◆ **Work to complete**
Nothing outside the stretch is wanted. Repeat exactly the lines of the listing below from the one that contains "- apply Rinv_0_lt_compat. lra." through the one that contains "intros Ht. assert (Hrt", both ends included.

◆ **Extracted records**
Lemma bit_bsum m (b : 'I_m -> bool) (j : 'I_m) : bit (bsum b) j = b j.
Proof.
elim: m b j => [|m IH] b [[|j] lt_jm] //; rewrite bsumS.
  by rewrite bit0 oddD odd_double addbF oddb; congr b; apply: val_inj.
rewrite bitS halfD odd_double andbF add0n doubleK.
have -> : (b ord0)./2 = 0 by case: (b ord0).
rewrite add0n (IH _ (Ordinal (lt_jm : j < m))).
by congr b; apply: val_inj.
Qed.

Definition ord_of_bits m (b : 'I_m -> bool) : 'I_(2 ^ m) := Ordinal (bsum_lt b).

Section Agreement.
Variables (q m : nat) (sel : 'I_q -> 'I_m).

Definition agree (x y : 'I_(2 ^ m)) : bool :=
  [forall j : 'I_m, (j \notin codom sel) ==> (bit x j == bit y j)].

Lemma agree_refl x : agree x x.
Proof. by apply/forallP => j; rewrite eqxx implybT. Qed.

Lemma agree_sym x y : agree x y = agree y x.
Proof. by apply/forallP/forallP => h j; rewrite eq_sym; apply: h. Qed.

Lemma agree_trans y x z : agree x y -> agree y z -> agree x z.
Proof.
move=> /forallP xy /forallP yz; apply/forallP => j; apply/implyP => j_out.
by rewrite (eqP (implyP (xy j) j_out)) (implyP (yz j) j_out).
Qed.

Lemma bit_restr_idx x (k : 'I_q) : bit (restr_idx sel x) k = bit x (sel k).
Proof.
by rewrite /= modn_small ?(bsum_lt (fun k => bit x (sel k))) // (bit_bsum (fun k => bit x (sel k))).
Qed.

Lemma agree_restr_inj x y : agree x y -> restr_idx sel x = restr_idx sel y -> x = y.
Proof.
move=> /forallP xy eq_restr; apply/val_inj/(bit_inj (ltn_ord x) (ltn_ord y)) => j lt_jm.
pose j' := Ordinal lt_jm; rewrite -[j]/(nat_of_ord j').
have [/codomP [k ->]|j_out] := boolP (j' \in codom sel); first by rewrite -!bit_restr_idx eq_restr.
exact/eqP/(implyP (xy j') j_out).
Qed.
Local Notation load := (load path_of).
Local Notation path_cost := (path_cost path_of c).
Local Notation social_cost := (social_cost path_of c).

Lemma sum_load_mul_cost (w y : P -> R) :
  \sum_e load w e * (c e).[load y e] = \sum_p w p * path_cost y p.
Proof.
rewrite /load; under eq_bigr do rewrite mulr_suml.
rewrite (exchange_big_dep xpredT) //=; apply: eq_bigr => p _.
by rewrite /path_cost big_uniq // mulr_sumr; apply: eq_bigr.
Qed.

(* Multiplying the pairing of the equilibrium [y] on OD pair [i] by
   [m i = \sum_q w q] and exchanging sums lets the Wardrop condition
   compare [C p] with [C q] termwise. *)
Lemma wardrop_min_pairing (m : I -> R) (y w C : P -> R) :
  (forall i, 0 < m i) ->
  (forall p, 0 <= y p) -> (forall i, \sum_(p | od p == i) y p = m i) ->
  (forall p p', od p = od p' -> 0 < y p -> C p <= C p') ->
  (forall p, 0 <= w p) -> (forall i, \sum_(p | od p == i) w p = m i) ->
  \sum_p y p * C p <= \sum_p w p * C p.
Proof.
move=> m0 y0 ysum yW w0 wsum.
rewrite (partition_big od xpredT) //= [leRHS](partition_big od xpredT) //=.
apply: ler_sum => i _; rewrite -(ler_pM2l (m0 i)).
rewrite -{1}(wsum i) -(ysum i) !mulr_suml.
rewrite [leLHS](eq_bigr _ (fun q _ => mulr_sumr _ _ _ _)).
rewrite [leRHS](eq_bigr _ (fun p _ => mulr_sumr _ _ _ _)).
rewrite [leRHS](exchange_big_dep (fun q => od q == i)) //=.
apply: ler_sum => q qi; rewrite [leRHS](eq_bigl (fun p => od p == i)) => [|p]; last first.
  by rewrite qi andbT.
apply: ler_sum => p pi; move: qi pi => /eqP qi /eqP pi.
have [->|yp] := eqVneq (y p) 0; first by rewrite !mul0r !mulr0.
rewrite mulrCA; apply: ler_wpM2l; first exact: y0.
apply: ler_wpM2l; first exact: w0.
by apply: yW; [rewrite pi qi | rewrite lt0r yp y0].
Qed.

Lemma wardrop_social_cost_le (m : I -> R) (y w : P -> R) : (forall i, 0 < m i) ->
  wardrop od path_of c m y -> feasible od m w ->
  social_cost y <= \sum_e load w e * (c e).[load y e].
Proof.
move=> m0 [[y0 ysum] yW] [w0 wsum]; rewrite /social_cost !sum_load_mul_cost.
exact: wardrop_min_pairing yW w0 wsum.
Qed.

Section NonnegFlow.
Variable f : P -> R.
Hypothesis f_ge0 : forall p, 0 <= f p.

Lemma load_ge0 e : 0 <= load f e.
Proof. exact: sumr_ge0. Qed.

Lemma flow_le_load p e : e \in path_of p -> f p <= load f e.
Proof. by move=> ep; rewrite /load (bigD1 p) //= lerDl sumr_ge0. Qed.

Lemma load_le_sum e : load f e <= \sum_p f p.
Proof. by rewrite /load [leRHS](bigID (fun p => e \in path_of p)) /= lerDl sumr_ge0. Qed.

Lemma social_cost_ge0 : 0 <= social_cost f.
Proof. by apply: sumr_ge0 => e _; rewrite mulr_ge0 ?cost_ge0 ?load_ge0. Qed.

Lemma social_cost_ge_edge e x : 0 <= x -> x <= load f e -> x * (c e).[x] <= social_cost f.
Proof.
move=> x0 xl; apply: (@le_trans _ _ (load f e * (c e).[load f e])).
  by apply: ler_pM; rewrite ?cost_ge0 ?cost_mono.
rewrite /social_cost (bigD1 e) //= lerDl; apply: sumr_ge0 => e' _.
by rewrite mulr_ge0 ?cost_ge0 ?load_ge0.
Qed.

Lemma social_cost_ge_share (Q : pred P) (S : pred E) s p0 :
  (forall p, Q p -> exists2 e, e \in path_of p & S e) ->
  Q p0 -> 0 <= s -> s <= \sum_(p | Q p) f p ->
  exists2 e, S e & s / #|P|%:R * (c e).[s / #|P|%:R] <= social_cost f.
Proof.
move=> QS Qp0 s0 sf; have [p Qp fp] := exists_ge_average Qp0 s0 sf.
have [e ep Se] := QS p Qp; exists e => //.
apply: social_cost_ge_edge; first by rewrite divr_ge0.
exact: le_trans fp (flow_le_load ep).
Qed.
Section AveragedObjective.
Variables (R : realType) (n m p : nat).
Hypotheses (hn : (0 < n)%N) (hm : (0 < m)%N).
Variables (f : 'I_n -> 'I_m -> 'rV[R]_p -> R) (gr : 'I_n -> 'I_m -> 'rV[R]_p -> 'rV[R]_p).
Variable L : R.
Hypotheses (hL : 0 < L) (hgrad : forall i j, has_gradient (f i j) (gr i j))
  (hsmooth : forall i j, L_smooth_grad L (gr i j)).
Variable Fobj : 'rV[R]_p -> R.
Hypothesis hF : forall x, Fobj x = n%:R^-1 * \sum_(i < n) (m%:R^-1 * \sum_(j < m) f i j x).

Definition gradF (y : 'rV[R]_p) : 'rV[R]_p :=
  n%:R^-1 *: \sum_i (m%:R^-1 *: \sum_j gr i j y).

Lemma double_mean (F : 'I_n -> 'I_m -> R) :
  n%:R^-1 * \sum_i (m%:R^-1 * \sum_j F i j) = mean (fun i => mean (F i)).
Proof. by rewrite mean_ord; congr (_ * _); apply: eq_bigr => i _; rewrite mean_ord. Qed.

Lemma F_descent (y d : 'rV[R]_p) :
  Fobj (d + y) <= Fobj y + dotv (gradF y) d + L / 2 * dotv d d.
Proof.
have -> : dotv (gradF y) d = mean (fun i => mean (fun j => dotv (gr i j y) d)).
  rewrite -double_mean /gradF dotvZl dotv_suml; congr (_ * _).
  by apply: eq_bigr => i _; rewrite dotvZl dotv_suml.
rewrite !hF !double_mean.
have descent_ij i j := descent (hgrad i j) hL (hsmooth i j) y d.
apply: le_trans (ler_mean (fun i => ler_mean (descent_ij i))) _.
under eq_mean => i do rewrite !meanD mean_cst ?card_ord //.
by rewrite !meanD mean_cst ?card_ord.
Qed.

Lemma F_step (y g : 'rV[R]_p) (a : R) :
  Fobj (y - a *: g) <= Fobj y - a * dotv (gradF y) g + L / 2 * a ^+ 2 * dotv g g.
Proof.
have := F_descent y (- a *: g); rewrite !dotvZr !dotvZl [- a *: g + y]addrC scaleNr.
have -> : L / 2 * (- a * (- a * dotv g g)) = L / 2 * a ^+ 2 * dotv g g by ring.
by rewrite mulNr.
Qed.

End AveragedObjective.

Section StochasticGradient.
Variables (R : realType) (n m p : nat).
Hypotheses (hn : (0 < n)%N) (hm : (0 < m)%N).
Variables (gr : 'I_n -> 'I_m -> 'rV[R]_p -> 'rV[R]_p) (L : R).
Hypotheses (hL : 0 < L) (hsmooth : forall i j, L_smooth_grad L (gr i j)).
Variable S : gt_state R n m p.

Definition saga_corr i t := gr i t (st_x S i) - gr i t (st_z S i t).

Definition local_grad i := m%:R^-1 *: \sum_j gr i j (st_x S i).

Definition avg_local_grad := n%:R^-1 *: \sum_i local_grad i.

Definition saga_err i t := saga_corr i t - vmean (saga_corr i).

Definition gbar (c : draw n m) := n%:R^-1 *: \sum_i gt_g gr S c i.

Lemma gt_g_split c i : gt_g gr S c i = local_grad i + saga_err i (c i).1.
Proof.
rewrite /gt_g /saga_err /saga_corr /local_grad vmean_ord sumrB scalerBr.
by rewrite opprB addrCA [_ + (_ - _)]addrCA subrr addr0.
Qed.

(* The error is centered with respect to the draw (tau_i, s_i), whose second
   component is irrelevant to g_i^k. *)
Lemma saga_err_centered i : \sum_(x : 'I_m * 'I_m) saga_err i x.1 = 0.
Proof.
rewrite -(pair_big xpredT xpredT (fun a _ => saga_err i a)) /=.
under eq_bigr do rewrite sumr_const card_ord.
rewrite sumrMnl; have -> : \sum_a saga_err i a = 0.
  rewrite /saga_err sumrB sumr_const card_ord vmean_ord -scaler_nat scalerA.
  by rewrite mulfV ?scale1r ?subrr // pnatr_eq0 -lt0n.
by rewrite mul0rn.
Qed.
Lemma doubling_abs_le (V : R) : 0 < V <= 1 -> Rabs (doubling V) <= 3.
Proof.
  intros HV. assert (Hq := doubling_denominator_neg V HV).
  assert (Hq2 : 4 <= (V ^ 2 - 2 * V - 2) ^ 2) by nra.
  assert (Hnum : Rabs (V ^ 4 + 8 * V ^ 3 + 8 * V - 8) <= 9).
  { assert (HV3 : 0 < V ^ 3 <= 1)
      by (split; [apply pow_lt | rewrite <- (pow1 3); apply pow_incr]; lra).
    assert (HV4 : 0 < V ^ 4 <= 1)
      by (split; [apply pow_lt | rewrite <- (pow1 4); apply pow_incr]; lra).
    apply Rabs_le_between. lra. }
  unfold doubling, Rdiv. rewrite Rabs_mult, Rabs_inv, (Rabs_right ((_ - _ - _) ^ 2)) by nra.
  apply Rmult_le_reg_r with ((V ^ 2 - 2 * V - 2) ^ 2); [lra|].
  rewrite Rmult_assoc, Rinv_l by lra. nra.
Qed.

Lemma doubling_inv_sq (c : R) : c <> 0 -> 2 * c ^ 2 + 2 * c ^ 4 - 1 <> 0 ->
  doubling (/ c ^ 2) = (1 + 8 * c ^ 2 + 8 * c ^ 6 - 8 * c ^ 8) / (2 * c ^ 2 + 2 * c ^ 4 - 1) ^ 2.
Proof.
  intros Hc HN. unfold doubling. field.
  repeat split; try assumption. contradict HN. nra.
Qed.

Lemma eq_div_sqrt_of_inv_sq (X N P : R) : 0 < X -> 0 < N -> / X ^ 2 = P / N ^ 2 -> X = N / sqrt P.
Proof.
  intros HX HN H.
  assert (HP : P = (N / X) ^ 2).
  { replace P with (N ^ 2 * (P / N ^ 2)) by (field; lra). rewrite <- H. field. lra. }
  rewrite HP, sqrt_pow2; [field; lra | apply Rlt_le, Rdiv_lt_0_compat; lra].
Qed.

Section Cleafh.

Variables (n : nat) (r : R -> R).
Hypothesis Hr : is_cleafh n r.

Lemma cleafh_is_derive (l : R) : - eta n < l < eta n -> is_derive r l (Derive r l).
Proof. intros Hl. apply Derive_correct, Hr, Hl. Qed.

Lemma cleafh_is_derive2 (l : R) : - eta n < l < eta n ->
  is_derive (Derive r) l (INR n * r l ^ (2 * n - 1)).
Proof. intros Hl. apply Hr, Hl. Qed.

Lemma cleafh_energy (l : R) : - eta n < l < eta n -> Derive r l ^ 2 = r l ^ (2 * n) - 1.
Proof.
  intros Hl. destruct Hr as [Hr0 [Hr'0 Hr'']].
  set (E := fun s => Derive r s ^ 2 - r s ^ (2 * n)).
  assert (HE : E l = E 0).
  { apply (is_derive_0_eq E (- eta n) (eta n)); [| exact Hl | lra].
    intros s Hs. destruct (Hr'' s Hs) as [Dr DDr]. eapply is_derive_val.
    - apply (is_derive_minus (fun s => Derive r s ^ 2) (fun s => r s ^ (2 * n)));
        apply is_derive_pow; [exact DDr | apply Derive_correct, Dr].
    - rewrite mult_INR, Nat.sub_1_r. simpl. unfold minus, plus, opp; simpl. ring. }
  unfold E in HE. rewrite Hr0, Hr'0, pow1, pow_i in HE by lia. lra.
Qed.

Hypothesis Hn : (0 < n)%nat.

Lemma cleafh_sq_ge_1 (l : R) : - eta n < l < eta n -> 1 <= r l ^ 2.
Proof.
  intros Hl. assert (Henergy := cleafh_energy l Hl).
  assert (H2n : 1 <= (r l ^ 2) ^ n) by (rewrite <- pow_mult; nra).
  destruct (Rlt_or_le (r l ^ 2) 1) as [Hlt|Hge]; [exfalso | exact Hge].
  assert (H := pow_lt_1_compat (r l ^ 2) n (conj (pow2_ge_0 _) Hlt) Hn). lra.
Qed.

Lemma cleafh_ge_1 (l : R) : - eta n < l < eta n -> 1 <= r l.
Proof.
  intros Hl.
  assert (Hpos : 0 < r l).
  { apply (pos_of_continuous_nonzero r (- eta n) (eta n) 0); [| | lra | | exact Hl].
    - intros x Hx. apply derivable_continuous_pt. exists (Derive r x).
      apply is_derive_Reals, cleafh_is_derive, Hx.
    - intros x Hx Hrx. assert (H := cleafh_sq_ge_1 x Hx). rewrite Hrx in H. lra.
    - destruct Hr as [-> _]. lra. }
  assert (H := cleafh_sq_ge_1 l Hl). nra.
Qed.

End Cleafh.

Definition inv_sq (r : R -> R) (t : R) : R := / r t ^ 2.
Definition inv_sq' (r : R -> R) (t : R) : R := -2 * Derive r t / r t ^ 3.

Section Cleafh3.

Variable r : R -> R.
Hypothesis Hr : is_cleafh 3 r.

Lemma cleafh3_inv_sq_bounds (t : R) : - eta 3 < t < eta 3 -> 0 < inv_sq r t <= 1.
Proof.
  intros Ht. assert (H := cleafh_sq_ge_1 3 r Hr ltac:(lia) t Ht). unfold inv_sq. split.
  - apply Rinv_0_lt_compat. lra.
  - rewrite <- Rinv_1. apply Rinv_le_contravar; lra.
Qed.

Lemma cleafh3_inv_sq_energy (t : R) : - eta 3 < t < eta 3 ->
  inv_sq' r t ^ 2 = 4 - 4 * inv_sq r t ^ 3.
Proof.
  intros Ht. assert (Hrt := cleafh_ge_1 3 r Hr ltac:(lia) t Ht).
  assert (Henergy := cleafh_energy 3 r Hr t Ht).
  change (2 * 3)%nat with 6%nat in Henergy.
  unfold inv_sq', inv_sq.
  replace ((-2 * Derive r t / r t ^ 3) ^ 2) with (4 * Derive r t ^ 2 / r t ^ 6) by (field; lra).
  rewrite Henergy. field. lra.
Qed.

◆ **Expected answer**
  - apply Rinv_0_lt_compat. lra.
  - rewrite <- Rinv_1. apply Rinv_le_contravar; lra.
Qed.

Lemma cleafh3_inv_sq_energy (t : R) : - eta 3 < t < eta 3 ->
  inv_sq' r t ^ 2 = 4 - 4 * inv_sq r t ^ 3.
Proof.
  intros Ht. assert (Hrt := cleafh_ge_1 3 r Hr ltac:(lia) t Ht).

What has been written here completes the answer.